Several key measures indicate a heightened recession risk
Inflation has largely subsided in the US, but Europe’s remains historically high
The world has moved past the period of pandemic lockdowns and hefty stimuli into one of immense economic uncertainty. Inflation in the US reached the heights of the early 1980s, peaking at 9.1% in June 2022. Central bank moves are roiling bond and interest rate markets, putting significant stress on some financial institutions. Partisan gridlock in Washington has also created the risk of a highly damaging US debt default. Even if resolved without a default, continued conflict around America's debt ceiling and budget will add to uncertainty. Meanwhile, Russia’s invasion of Ukraine and the ongoing war marks the deadliest military conflict in Europe since 1945. And other geopolitical and trade tensions are mounting. The US and China remain at odds over spy balloons, TikTok, semiconductor restrictions, and Taiwan, while potential hot spots in the Korean Peninsula and the Middle East continue to make headlines.

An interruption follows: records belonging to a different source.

(* Let $h\in\mathcal H$ and $\varphi(\underline{x})=h(x_0,x_1)$ on $X=[0,1]^{\mathbb N_0}$. If $a,b\in\mathrm{m}_h$ and $a\neq b$, then \[h(a,b)-h^*-H_\varphi(a^\infty,b^\infty)>0.\]
   Context: $X=[0,1]^{\mathbb N_0}$ with metric $d_X(\underline{x},\underline{y})=\sum_{i\ge0}|x_i-y_i|/2^{i+1}$ and shift $\sigma(\underline{x})_i=x_{i+1}$. $\alpha_\varphi=\inf_\mu\int\varphi\,d\mu$ over $\sigma$-invariant Borel probability measures (in this setting $\alpha_\varphi=h^*$). $B(\underline{x},\underline{y},n;\varepsilon)=\{\underline{z}: d_X(\underline{x},\underline{z})<\varepsilon,\ d_X(\sigma^n\underline{z},\underline{y})<\varepsilon\}$; Peierls barrier $H_\varphi(\underline{x},\underline{y})=\lim_{\varepsilon\to0}\liminf_{n\to\infty}\inf\{\sum_{i=0}^{n-1}(\varphi(\sigma^i\underline{z})-\alpha_\varphi): \underline{z}\in B(\underline{x},\underline{y},n;\varepsilon)\}$. $h^*=\min_x h(x,x)$, $\mathrm{m}_h=\{a: h(a,a)=h^*\}$, $a^\infty=aaa\ldots$. A finite sequence $(x_k,\dots,x_l)$ is minimal (for $h$) if $\sum_{i=k}^{l-1}h(x_i,x_{i+1})\le\sum_{i=k}^{l-1}h(y_i,y_{i+1})$ for every $(y_k,\dots,y_l)$ in $[0,1]$ with the same endpoints. $\mathcal H$ is the set of Lipschitz $h:[0,1]^2\to\mathbb R$ such that (H3) if $\xi_1<\xi_2$, $\eta_1<\eta_2$ then $h(\xi_1,\eta_1)+h(\xi_2,\eta_2)<h(\xi_1,\eta_2)+h(\xi_2,\eta_1)$; and (H4) if $(x_{-1},x_0,x_1)\ne(x'_{-1},x_0,x'_1)$ are both minimal then $(x_{-1}-x'_{-1})(x_1-x'_1)<0$. *)

From HB Require Import structures.
From mathcomp Require Import all_boot all_order all_algebra.
From mathcomp Require Import all_classical all_reals all_analysis.
Set Implicit Arguments. Unset Strict Implicit. Unset Printing Implicit Defensive.
Import Order.TTheory GRing.Theory Num.Theory.
Import numFieldNormedType.Exports.
Local Open Scope classical_set_scope.
Local Open Scope ring_scope.

Section Defs.
Variable R : realType.

Definition I01 : set R := `[0, 1]%classic.

Definition inX (x : nat -> R) : Prop := forall i, x i \in `[0, 1].

Definition dX (x y : nat -> R) : R :=
  limn (series (fun i : nat => `|x i - y i| / 2 ^+ i.+1)).

Definition shift (x : nat -> R) : nat -> R := fun i => x i.+1.

Definition cst_seq (a : R) : nat -> R := fun _ => a.

(* h^* = min_{x in [0,1]} h(x,x) (the minimum is attained; we write inf) *)
Definition hstar (h : R -> R -> R) : R := inf [set h x x | x in I01].

Definition mh (h : R -> R -> R) : set R := [set a | a \in `[0, 1] /\ h a a = hstar h].

Definition phi_of (h : R -> R -> R) (x : nat -> R) : R := h (x 0%N) (x 1%N).

Definition minimal (h : R -> R -> R) (x : nat -> R) (k l : nat) : Prop :=
  (forall i, (k <= i <= l)%N -> x i \in `[0, 1]) /\
  forall y : nat -> R, (forall i, (k <= i <= l)%N -> y i \in `[0, 1]) ->
    y k = x k -> y l = x l ->
    \sum_(k <= i < l) h (x i) (x i.+1) <= \sum_(k <= i < l) h (y i) (y i.+1).

(* a triple (x_{-1}, x_0, x_1), indexed here by 0,1,2 *)
Definition triple (u v w : R) : nat -> R :=
  fun i => if i == 0%N then u else if i == 1%N then v else w.

Definition minimal3 (h : R -> R -> R) (u v w : R) : Prop :=
  minimal h (triple u v w) 0 2.

Definition classH (h : R -> R -> R) : Prop :=
  (exists L : R, forall x y x' y', x \in `[0, 1] -> y \in `[0, 1] ->
      x' \in `[0, 1] -> y' \in `[0, 1] ->
      `|h x y - h x' y'| <= L * (`|x - x'| + `|y - y'|)) /\
  (forall xi1 xi2 eta1 eta2, xi1 \in `[0, 1] -> xi2 \in `[0, 1] ->
      eta1 \in `[0, 1] -> eta2 \in `[0, 1] -> xi1 < xi2 -> eta1 < eta2 ->
      h xi1 eta1 + h xi2 eta2 < h xi1 eta2 + h xi2 eta1) /\
  (forall u v w u' w', minimal3 h u v w -> minimal3 h u' v w' ->
      (u, w) <> (u', w') -> (u - u') * (w - w') < 0).

(* alpha_phi; in this setting alpha_phi = h^* *)
Definition alpha (h : R -> R -> R) : R := hstar h.

Definition Bset (x y : nat -> R) (n : nat) (eps : R) : set (nat -> R) :=
  [set z | inX z /\ dX x z < eps /\ dX (iter n shift z) y < eps].

Definition Ssum (h : R -> R -> R) (n : nat) (z : nat -> R) : R :=
  \sum_(0 <= i < n) (phi_of h (iter i shift z) - alpha h).

Definition peierls_eps (h : R -> R -> R) (x y : nat -> R) (eps : R) : \bar R :=
  limn_einf (fun n => ereal_inf [set (Ssum h n z)%:E | z in Bset x y n eps]).

Definition peierls (h : R -> R -> R) (x y : nat -> R) : \bar R :=
  lim (peierls_eps h x y eps @[eps --> 0^'+]).

End Defs.

(* Since a and b both minimise h on the diagonal and a <> b, some c beats the
   direct step: h(a,c) + h(c,b) < h(a,a) + h(a,b).  Otherwise (a,a,b) would be
   minimal; (a,a,a) is minimal by (H3), and two minimal triples with the same
   x_{-1} and x_0 contradict (H4).  The orbit a...a c b b... then lies in every
   B(a^oo, b^oo, n; eps) for n large, with Birkhoff sum h(a,c) + h(c,b) - 2h^*,
   so H_phi(a^oo, b^oo) is at most that, which is < h(a,b) - h^*. *)

From Pilot Require Import Defs.
From mathcomp Require Import all_boot all_order all_algebra.
From mathcomp Require Import all_classical all_reals all_analysis.
From mathcomp Require Import lra zify.
Set Implicit Arguments. Unset Strict Implicit. Unset Printing Implicit Defensive.
Import Order.TTheory GRing.Theory Num.Theory.
Import numFieldNormedType.Exports.
Local Open Scope classical_set_scope.
Local Open Scope ring_scope.

Section ShiftSpace.
Variable R : realType.
Implicit Types (x y z : nat -> R) (h : R -> R -> R).

Lemma iter_shiftE n z : iter n (@Defs.shift R) z = fun i => z (i + n)%N.
Proof.
elim: n => [|n IH]; first by apply/funext => i; rewrite addn0.
by rewrite iterS IH; apply/funext => i; rewrite /Defs.shift addSnnS.
Qed.

Lemma phi_of_iter_shift h n z : phi_of h (iter n (@Defs.shift R) z) = h (z n) (z n.+1).
Proof. by rewrite iter_shiftE /phi_of add0n add1n. Qed.

Lemma normr_half_lt1 : `|2^-1 : R| < 1.
Proof. by rewrite gtr0_norm ?invf_lt1 ?ltr1n. Qed.

Lemma half_geometric_tail_le k n :
  \sum_(k <= i < k + n) geometric 2^-1 2^-1 i <= 2^-1 ^+ k :> R.
Proof.
have inv_one_sub_half : (1 - 2^-1 : R)^-1 = 2.
  by rewrite [X in X - _](splitr 1) div1r addrK invrK.
rewrite -mulr_sumr geometric_partial_tail.
apply: le_trans (ler_wpM2l _ (geometric_le_lim _ _ _ normr_half_lt1)) _.
- by rewrite invr_ge0.
- by rewrite exprn_ge0 ?invr_ge0.
- by rewrite invr_gt0.
by rewrite inv_one_sub_half mulrCA mulVf ?mulr1.
Qed.

Lemma dX_le_prefix k x y : inX x -> inX y ->
  (forall i, (i < k)%N -> x i = y i) -> dX x y <= 2^-1 ^+ k.
Proof.
move=> xX yX xy_k; set t := fun i => `|x i - y i| / 2 ^+ i.+1.
have t_ge0 i : 0 <= t i by rewrite divr_ge0 ?exprn_ge0.
have t_le i : t i <= geometric 2^-1 2^-1 i.
  rewrite /t /= -exprS exprVn ler_pdivrMr ?exprn_gt0 // mulVf ?expf_neq0 //.
  move: (xX i) (yX i); rewrite !in_itv /= => /andP[? ?] /andP[? ?].
  by rewrite ler_norml; apply/andP; split; lra.
have t_cvg : cvgn (series t).
  apply: (series_le_cvg t_ge0 _ t_le) => [i|].
    by rewrite geometric_ge0 ?invr_ge0.
  exact: is_cvg_geometric_series normr_half_lt1.
apply: limr_le t_cvg _; near=> m.
have km : (k <= m)%N by near: m; exact: nbhs_infty_ge.
rewrite /series /= (big_cat_nat (leq0n k) km) /= big_nat_cond big1 ?add0r; last first.
  by move=> i /andP[/andP[_ ik] _]; rewrite /t xy_k // subrr normr0 mul0r.
rewrite -(subnKC km); apply: le_trans (half_geometric_tail_le k (m - k)).
by apply: ler_sum => i _; exact: t_le.
Unshelve. all: by end_near. Qed.

Definition bridge (a c b : R) (k : nat) : nat -> R :=
  fun i => if (i <= k)%N then a else if i == k.+1 then c else b.

Lemma bridge_inX (a c b : R) k : a \in `[0, 1] -> c \in `[0, 1] -> b \in `[0, 1] ->
  inX (bridge a c b k).
Proof. by move=> a01 c01 b01 i; rewrite /bridge; case: ifP => // _; case: ifP. Qed.

Lemma Bset_bridge (a c b : R) k n eps : a \in `[0, 1] -> c \in `[0, 1] -> b \in `[0, 1] ->
  2^-1 ^+ k < eps -> (k.+2 <= n)%N ->
  Bset (cst_seq a) (cst_seq b) n eps (bridge a c b k).
Proof.
move=> a01 c01 b01 k_eps kn.
have zX : inX (bridge a c b k) by exact: bridge_inX.
have cst_inX (d : R) : d \in `[0, 1] -> inX (cst_seq d) by move=> d01 i.
split; first exact: zX.
split; apply: le_lt_trans k_eps; apply: dX_le_prefix.
- exact: cst_inX.
- exact: zX.
- by move=> i ik; rewrite /bridge ltnW.
- by move=> i; rewrite iter_shiftE.
- exact: cst_inX.
by move=> i ik; rewrite iter_shiftE /bridge !ifF //; lia.
Qed.

Lemma Ssum_bridge h a c b k n : h a a = hstar h -> h b b = hstar h ->
  (k.+2 <= n)%N -> Ssum h n (bridge a c b k) = h a c - hstar h + (h c b - hstar h).
Proof.
move=> haa hbb kn; rewrite /Ssum /alpha.
under eq_bigr do rewrite phi_of_iter_shift.
rewrite (big_cat_nat (leq0n k)) ?(leq_trans (leqnSn k) (ltnW kn)) //=.
rewrite big_nat_cond big1 ?add0r => [|i /andP[/andP[_ ik] _]]; last first.
  by rewrite /bridge ltnW // ik haa subrr.
rewrite (big_cat_nat (leqW (leqnSn k)) kn) /= !big_nat_recl //= big_geq //.
rewrite big_nat_cond big1 ?addr0 => [|i /andP[/andP[ki _] _]]; last first.
  by rewrite /bridge !ifF ?hbb ?subrr //; lia.
by rewrite /bridge leqnn ltnn eqxx !ifF //; lia.
Qed.
End ShiftSpace.

Section Peierls.
Variable R : realType.
Implicit Types (x y z : nat -> R) (h : R -> R -> R).
Local Open Scope ereal_scope.

Lemma peierls_eps_le h x y eps (M : R) :
  (\forall n \near \oo, exists2 z, Bset x y n eps z & (Ssum h n z <= M)%R) ->
  peierls_eps h x y eps <= M%:E.
Proof.
move=> [N _ HN]; rewrite /peierls_eps limn_einf_lim.
apply: lime_le; first exact: is_cvg_einfs.
apply: nearW => n /=.
have [z Bz SzM] := HN (maxn n N) (leq_maxr _ _).
apply: le_trans (_ : (Ssum h (maxn n N) z)%:E <= _); last by rewrite lee_fin.
apply: le_trans; first by apply: ereal_inf_lbound; exists (maxn n N); first exact: leq_maxl.
by apply: ereal_inf_lbound; exists z.
Qed.

Lemma peierls_eps_nonincreasing h x y : {homo peierls_eps h x y : e1 e2 / (e1 <= e2)%R >-> e2 <= e1}.
Proof.
move=> e1 e2 le12; rewrite /peierls_eps !limn_einf_lim.
apply: lee_lim; [exact: is_cvg_einfs | exact: is_cvg_einfs |].
apply: nearW => n /=.
apply: le_ereal_inf_tmp => _ [k kn <-].
apply: le_trans; first by apply: ereal_inf_lbound; exists k.
apply: ereal_inf_le_tmp => _ [z [zX [z1 z2]] <-]; exists z => //.
by split=> //; split; apply: lt_le_trans le12.
Qed.

Lemma peierls_le h x y (M : R) :
  (forall eps, (0 < eps)%R ->
     \forall n \near \oo, exists2 z, Bset x y n eps z & (Ssum h n z <= M)%R) ->
  peierls h x y <= M%:E.
Proof.
move=> HM; apply: lime_le.
  apply: nonincreasing_at_right_is_cvge; apply: nearW => e e1 e2 _ _.
  exact: peierls_eps_nonincreasing.
near=> e; apply: peierls_eps_le; apply: HM.
by near: e; exact: nbhs_right_gt.
Unshelve. all: by end_near. Qed.

End Peierls.

Section ClassH.
Variable R : realType.
Implicit Types (h : R -> R -> R) (a b c : R).

Lemma peierls_cst_le h a c b : a \in `[0, 1] -> c \in `[0, 1] -> b \in `[0, 1] ->
  h a a = hstar h -> h b b = hstar h ->
  (peierls h (cst_seq a) (cst_seq b) <= (h a c - hstar h + (h c b - hstar h))%:E)%E.
Proof.
move=> a01 c01 b01 haa hbb; apply: peierls_le => eps eps_gt0.
near \oo => k.
have k_eps : 2^-1 ^+ k < eps.
  by near: k; exact: (cvgr_lt _ (cvg_expr (normr_half_lt1 R)) _ eps_gt0).
near=> n; have kn : (k.+2 <= n)%N by near: n; exact: nbhs_infty_ge.
exists (bridge a c b k); first exact: Bset_bridge.
by rewrite Ssum_bridge.
Unshelve. all: by end_near. Qed.

Lemma hstar_le_diag h y : classH h -> y \in `[0, 1] -> hstar h <= h y y.
Proof.
move=> [[L hL] _] y01; apply: ge_inf; last by exists y.
exists (h 0 0 - `|L| * 2) => _ [x /= x01 <-].
have zero01 : (0 : R) \in `[0, 1] by rewrite in_itv /= lexx ler01.
have := hL x x 0 0 x01 x01 zero01 zero01; rewrite !subr0.
have : x \in `[0, 1] := x01; rewrite in_itv /= => /andP[x_ge0 x_le1].
rewrite (ger0_norm x_ge0) ler_norml => /andP[+ _].
have := ler_norm L; have := normr_ge0 L; nra.
Qed.

Lemma cross_gt_diag h x y : classH h -> x \in `[0, 1] -> y \in `[0, 1] -> x != y ->
  h x x + h y y < h x y + h y x.
Proof.
move=> [_ [H3 _]] x01 y01; case: (ltgtP x y) => // [xy|yx] _.
- exact: H3.
- by rewrite addrC [X in _ < X]addrC; exact: H3.
Qed.

Lemma minimal3P h u v w : minimal3 h u v w <->
  [/\ u \in `[0, 1], v \in `[0, 1], w \in `[0, 1] &
      forall c, c \in `[0, 1] -> h u v + h v w <= h u c + h c w].
Proof.
have sum2 (y : nat -> R) :
    \sum_(0 <= i < 2) h (y i) (y i.+1) = h (y 0%N) (y 1%N) + h (y 1%N) (y 2%N).
  by rewrite !big_nat_recr //= big_geq // add0r.
split=> [[t01 tmin]|[u01 v01 w01 uvw]].
  split; [exact: (t01 0%N) | exact: (t01 1%N) | exact: (t01 2%N) |] => c c01.
  have := tmin (triple u c w); rewrite !sum2; apply=> //.
  by move=> [|[|[|i]]] //= _; [exact: (t01 0%N) | exact: (t01 2%N)].
split=> [[|[|[|i]]] //|y y01 y0 y2].
rewrite !sum2 /= y0 y2; apply: uvw; exact: y01.
Qed.

Lemma minimal3_diag h a : classH h -> mh h a -> minimal3 h a a a.
Proof.
move=> hH [a01 haa]; apply/minimal3P; split=> // c c01.
have [->|ca] := eqVneq c a; first by [].
have := cross_gt_diag hH c01 a01 ca; have := hstar_le_diag hH c01.
rewrite -haa; lra.
Qed.

Lemma mh_shortcut h a b : classH h -> mh h a -> mh h b -> a <> b ->
  exists2 c, c \in `[0, 1] & h a c + h c b < h a a + h a b.
Proof.
move=> hH ma [b01 _] ab; have [a01 _] := ma; have [_ [_ H4]] := hH.
apply: contrapT => no_shortcut.
have aab : minimal3 h a a b.
  apply/minimal3P; split=> // c c01; rewrite leNgt; apply/negP => shortcut.
  by apply: no_shortcut; exists c.
have ab_aa : (a, b) <> (a, a) by case=> /esym.
by have := H4 a a b a a aab (minimal3_diag hH ma) ab_aa; rewrite subrr mul0r ltxx.
Qed.

End ClassH.

Theorem lemma3p6 (R : realType) (h : R -> R -> R) (a b : R) :
  classH h -> mh h a -> mh h b -> a <> b ->
  (0 < (h a b - hstar h)%:E - peierls h (cst_seq a) (cst_seq b))%E.
Proof.
move=> hH ma mb ab.
have [c c01 shortcut] := mh_shortcut hH ma mb ab.
have [[a01 haa] [b01 hbb]] := (ma, mb).
have := peierls_cst_le a01 c01 b01 haa hbb.
case: peierls => [p | |] //=.
  by rewrite lee_fin -EFinB lte_fin; lra.
by rewrite addey ?ltry.
Qed.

Economist polls have suggested the high likelihood of a recession in the US and eurozone for nearly a year, and the US 10-year minus 2-year Treasury yield spread has been inverted since July, generally indicative of a recession within 12 months. The central banks of the US, UK, and eurozone have raised rates aggressively, but it's unclear if central bankers believe the work of fighting inflation is finished. Several recent incidents, including the failures of Signature Bank and Silicon Valley Bank, and the rescues of First Republic Bank by JPMorgan and Credit Suisse by UBS, expose the risk of financial contagion amid rapid interest rate increases. Many financial institutions remain vulnerable as high interest rates erode the market value of their assets, making further failures a possibility.
All the ingredients for continued economic fragility and uncertainty are present, and recent ructions in the financial markets make the timing of a downturn more unpredictable, leaving central banks, businesses, and investors to navigate the currents. Central banks on both sides of the Atlantic remain concerned with taming inflation, though markets expect rates are nearing—or, in the case of the US, past—their peaks, and the US may even be poised to pause policy rate increases. But until the uncertainty dissipates, it’s critical for companies to prepare for a range of economic scenarios.